Peki, bu bir yana, Türkiye’nin anti Amerikancı, anti İsrail ulusalcıları nasıl oluyor da, Amerika’daki Yahudi lobisinin İslam karşıtı şahinleri arasında önde gelen isimlerinden biri olan Dani gibi birinin peşine takılabiliyorlar. Görünen o ki, Dani, bu darbe plânı içinde aile bağlarının ötesinde, sıradan olmaktan uzak yakın bir bilgi ve ilgi içinde. Belki de Balyozun, yurtdışına uzayan bir ayağında bulunuyor.. Bu fevri çıkışları kayınpederini kurtarmak değil, karanlık plânının ABD’deki uzantılarının deşifre olmasından duyduğu kaygıdan kaynaklanıyor olamaz mı?

Bakalım anti Amerikancı, anti İsrail ulusalcılarımız bu işten yakalarını nasıl sıyıracaklar?..

Darbe plânının bir numaralı sanığı bu plânın içinde yahu.

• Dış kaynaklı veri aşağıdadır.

(* Let $l$ be coprime to the conductor $N$. If $G_l$ is a diagonal matrix, then $G_l=\pm\mathbb{I}$.
   Context: Standing setting. $\mathcal{C}$ is a rational conformal field theory (RCFT) with finite set $\mathcal{I}$ of primary fields, vacuum $0\in\mathcal{I}$, central charge $c$ and conformal weights $\Delta_p$. Its genus-one characters afford a unitary representation $\rho$ of $\Gamma(1)=SL(2,\mathbb{Z})$; for $m\in\Gamma(1)$ write $M=\rho(m)$. $S=\rho\begin{pmatrix}0&-1\\1&0\end{pmatrix}$, $T=\rho\begin{pmatrix}1&1\\0&1\end{pmatrix}$. Known properties: $T$ is diagonal of finite order with $T_{pp}=\omega_p=\exp(2\pi i(\Delta_p-c/24))$; $S$ is symmetric; $S^2$ is the charge-conjugation permutation matrix; $S_{0p}>0$ for all $p$; Verlinde numbers are non-negative integers. $F$ is the field generated over $\mathbb{Q}$ by all entries of all $M$; the conductor $N$ is the smallest positive integer with $F\subseteq\mathbb{Q}(\zeta_N)$ and the order of $T$ dividing $N$. For $l$ coprime to $N$, $\sigma_l$ is the automorphism of $\mathbb{Q}(\zeta_N)$ with $\zeta_N\mapsto\zeta_N^l$, applied entrywise to matrices. Galois symmetry: for $l$ coprime to $N$, $\sigma_l(S)=SG_l=G_l^{-1}S$ where $(G_l)_{pq}=\varepsilon_l(q)\delta_{p,\pi_l q}$ for a permutation $\pi_l$ of $\mathcal{I}$ and signs $\varepsilon_l(q)\in\{\pm1\}$; $G_{lm}=G_lG_m$; $\sigma_l(T)=T^l$. *)

(* Primaries are indexed by 'I_n.+1, the vacuum is ord0.
   Matrix entries live in algC (algebraic complex numbers). *)
From HB Require Import structures.
From mathcomp Require Import all_boot all_order all_algebra all_fingroup all_field.
Set Implicit Arguments.
Unset Strict Implicit.
Unset Printing Implicit Defensive.
Import Order.TTheory GRing.Theory Num.Theory.
Local Open Scope ring_scope.

Definition SL2Z (m : 'M[int]_2) : Prop := \det m = 1.

(* generators S = (0 -1; 1 0) and T = (1 1; 0 1) *)
Definition Sgen : 'M[int]_2 :=
  \matrix_(i < 2, j < 2) (if i == j then 0 else if val i == 0%N then -1 else 1).
Definition Tgen : 'M[int]_2 :=
  \matrix_(i < 2, j < 2) (if (val i == 1%N) && (val j == 0%N) then 0 else 1).

(* rho is a unitary representation of SL(2,Z) (values off SL(2,Z) irrelevant) *)
Definition unitary_rep n (rho : 'M[int]_2 -> 'M[algC]_n.+1) : Prop :=
  [/\ rho 1%:M = 1%:M,
      (forall a b, SL2Z a -> SL2Z b -> rho (a *m b) = rho a *m rho b)
    & (forall a, SL2Z a -> rho a *m (map_mx Num.conj (rho a))^T = 1%:M)].

Definition Smx n (rho : 'M[int]_2 -> 'M[algC]_n.+1) := rho Sgen.
Definition Tmx n (rho : 'M[int]_2 -> 'M[algC]_n.+1) := rho Tgen.

Definition verlinde n (S : 'M[algC]_n.+1) (p q r : 'I_n.+1) : algC :=
  \sum_(s < n.+1) S p s * S q s * Num.conj (S r s) / S ord0 s.

Definition rcft_modular_data n (rho : 'M[int]_2 -> 'M[algC]_n.+1) : Prop :=
  let S := Smx rho in let T := Tmx rho in
  [/\ unitary_rep rho,
      is_diag_mx T /\ (exists k, (0 < k)%N /\ T ^+ k = 1%:M),
      S^T = S /\
      (exists C : 'S_n.+1, (C * C)%g = 1%g /\ S *m S = perm_mx C),
      (forall p, 0 < S ord0 p)
    & (forall p q r, verlinde S p q r \is a Num.nat)].

Definition in_cyclo (N : nat) (x : algC) : Prop :=
  exists (z : algC) (p : {poly rat}), N.-primitive_root z /\ x = (map_poly ratr p).[z].

Definition conductor_prop n (rho : 'M[int]_2 -> 'M[algC]_n.+1) (N : nat) : Prop :=
  [/\ (0 < N)%N,
      (forall m, SL2Z m -> forall i j, in_cyclo N (rho m i j))
    & Tmx rho ^+ N = 1%:M].

Definition is_conductor n (rho : 'M[int]_2 -> 'M[algC]_n.+1) (N : nat) : Prop :=
  conductor_prop rho N /\ (forall M, (M < N)%N -> ~ conductor_prop rho M).

(* (G_l)_{pq} = eps_l(q) delta_{p, pi_l q}; eps given as a boolean (true = -1) *)
Definition Gmx n (pi : 'S_n.+1) (eps : 'I_n.+1 -> bool) : 'M[algC]_n.+1 :=
  \matrix_(p, q) (if p == pi q then (-1) ^+ eps q else 0).

(* sigma_l is represented by any automorphism u of algC extending
   zeta_N |-> zeta_N^l (entries lie in Q(zeta_N), so the choice is irrelevant) *)
Definition extends_sigma (N l : nat) (u : {rmorphism algC -> algC}) : Prop :=
  forall z : algC, N.-primitive_root z -> u z = z ^+ l.

Definition galois_symmetry n (rho : 'M[int]_2 -> 'M[algC]_n.+1) (N : nat)
  (pi : nat -> 'S_n.+1) (eps : nat -> 'I_n.+1 -> bool) : Prop :=
  forall l, coprime l N ->
    (forall u : {rmorphism algC -> algC}, extends_sigma N l u ->
       [/\ map_mx u (Smx rho) = Smx rho *m Gmx (pi l) (eps l),
           map_mx u (Smx rho) = invmx (Gmx (pi l) (eps l)) *m Smx rho
         & map_mx u (Tmx rho) = Tmx rho ^+ l])
    /\ (forall m, coprime m N ->
          Gmx (pi (l * m)%N) (eps (l * m)%N) = Gmx (pi l) (eps l) *m Gmx (pi m) (eps m)).

From HB Require Import structures.
From mathcomp Require Import all_boot all_order all_algebra all_fingroup all_field.
Import GRing.Theory Num.Theory.
Set Implicit Arguments.
Unset Strict Implicit.
Unset Printing Implicit Defensive.
Local Open Scope ring_scope.

(* A diagonal signed permutation matrix G is a diagonal sign matrix, hence an
   involution, so Galois symmetry sigma_l(S) = S G = G^-1 S makes G commute
   with S. Comparing the vacuum rows of S G and G S gives S_0q e(q) = e(0) S_0q,
   and S_0q > 0 forces every sign e(q) to equal e(0). *)

Lemma sign_diag_mx_sqr (R : pzRingType) n (b : 'I_n -> bool) :
  diag_mx (\row_q ((-1) ^+ b q : R)) *m diag_mx (\row_q (-1) ^+ b q) = 1%:M.
Proof.
rewrite mulmx_diag -diag_const_mx; congr diag_mx.
by apply/rowP => q; rewrite !mxE -signr_addb addbb.
Qed.

Lemma invmx_involutive (R : comUnitRingType) n (A : 'M[R]_n) :
  A *m A = 1%:M -> invmx A = A.
Proof.
move=> AA; have [Au _] := mulmx1_unit AA.
by rewrite -[RHS]mul1mx -(mulVmx Au) -mulmxA AA mulmx1.
Qed.

Lemma diag_mx_comm_eq (R : idomainType) n (A : 'M[R]_n) (d : 'rV_n) i j :
  A *m diag_mx d = diag_mx d *m A -> A i j != 0 -> d 0 i = d 0 j.
Proof.
move=> /matrixP/(_ i j); rewrite mul_mx_diag mul_diag_mx !mxE mulrC => Aij Aij0.
exact: (mulIf Aij0).
Qed.

Lemma diag_mx_comm_scalar (R : idomainType) n (A : 'M[R]_n) (d : 'rV_n) i :
  (forall j, A i j != 0) -> A *m diag_mx d = diag_mx d *m A ->
  diag_mx d = (d 0 i)%:M.
Proof.
move=> Ai_nz AdA; rewrite -diag_const_mx; congr diag_mx.
by apply/rowP => j; rewrite mxE (diag_mx_comm_eq AdA (Ai_nz j)).
Qed.

Lemma Gmx_diagE n (pi : 'S_n.+1) (eps : 'I_n.+1 -> bool) :
  is_diag_mx (Gmx pi eps) -> Gmx pi eps = diag_mx (\row_q (-1) ^+ eps q).
Proof.
move=> /is_diag_mxP Gdiag.
have pi_id q : pi q = q.
  apply/eqP/negPn/negP => /Gdiag.
  by rewrite mxE eqxx => /eqP; rewrite signr_eq0.
by apply/matrixP => p q; rewrite !mxE pi_id; case: eqP => [->|]; rewrite ?mulr1n.
Qed.

Lemma galois_symmetry_S_Gmx n (rho : 'M[int]_2 -> 'M[algC]_n.+1) N pi eps l :
  galois_symmetry rho N pi eps -> coprime l N ->
  Smx rho *m Gmx (pi l) (eps l) = invmx (Gmx (pi l) (eps l)) *m Smx rho.
Proof.
move=> gal coprime_lN; have [u u_root] := Qn_aut_exists coprime_lN.
have u_sigma : extends_sigma N l u.
  by move=> z z_prim; apply/u_root/prim_expr_order.
by have [<- <- _] := (gal l coprime_lN).1 u u_sigma.
Qed.

Theorem mainTheorem10 (n : nat) (rho : 'M[int]_2 -> 'M[algC]_n.+1) (N : nat)
  (pi : nat -> 'S_n.+1) (eps : nat -> 'I_n.+1 -> bool) :
  rcft_modular_data rho -> is_conductor rho N -> galois_symmetry rho N pi eps ->
  forall l : nat, coprime l N ->
    is_diag_mx (Gmx (pi l) (eps l)) ->
    Gmx (pi l) (eps l) = 1%:M \/ Gmx (pi l) (eps l) = - 1%:M.
Proof.
move=> [_ _ _ S0_pos _] _ gal l coprime_lN /Gmx_diagE GE.
have SG := galois_symmetry_S_Gmx gal coprime_lN.
rewrite GE invmx_involutive ?sign_diag_mx_sqr // in SG.
have S0_nz q : Smx rho ord0 q != 0 := lt0r_neq0 (S0_pos q).
rewrite GE (diag_mx_comm_scalar S0_nz SG) mxE.
by case: (eps l ord0); [right; rewrite expr1 raddfN | left].
Qed.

Dani aileden biri.. Dani mi, Balyozun bir parçası, yoksa Çetin Paşa Amerika’da, Yahudi Lobisi tarafından plânlanan bir darbenin Türkiye ayağındaki isim mi bilmiyorum.. Yargılama sonunda iddialar ve kuşkular açıklık kazanacak.

Sahi Balyoz darbe plânı gerçekleşseydi, Türk ekonomisine Dani mi yön verecekti? Selâm ve dua ile.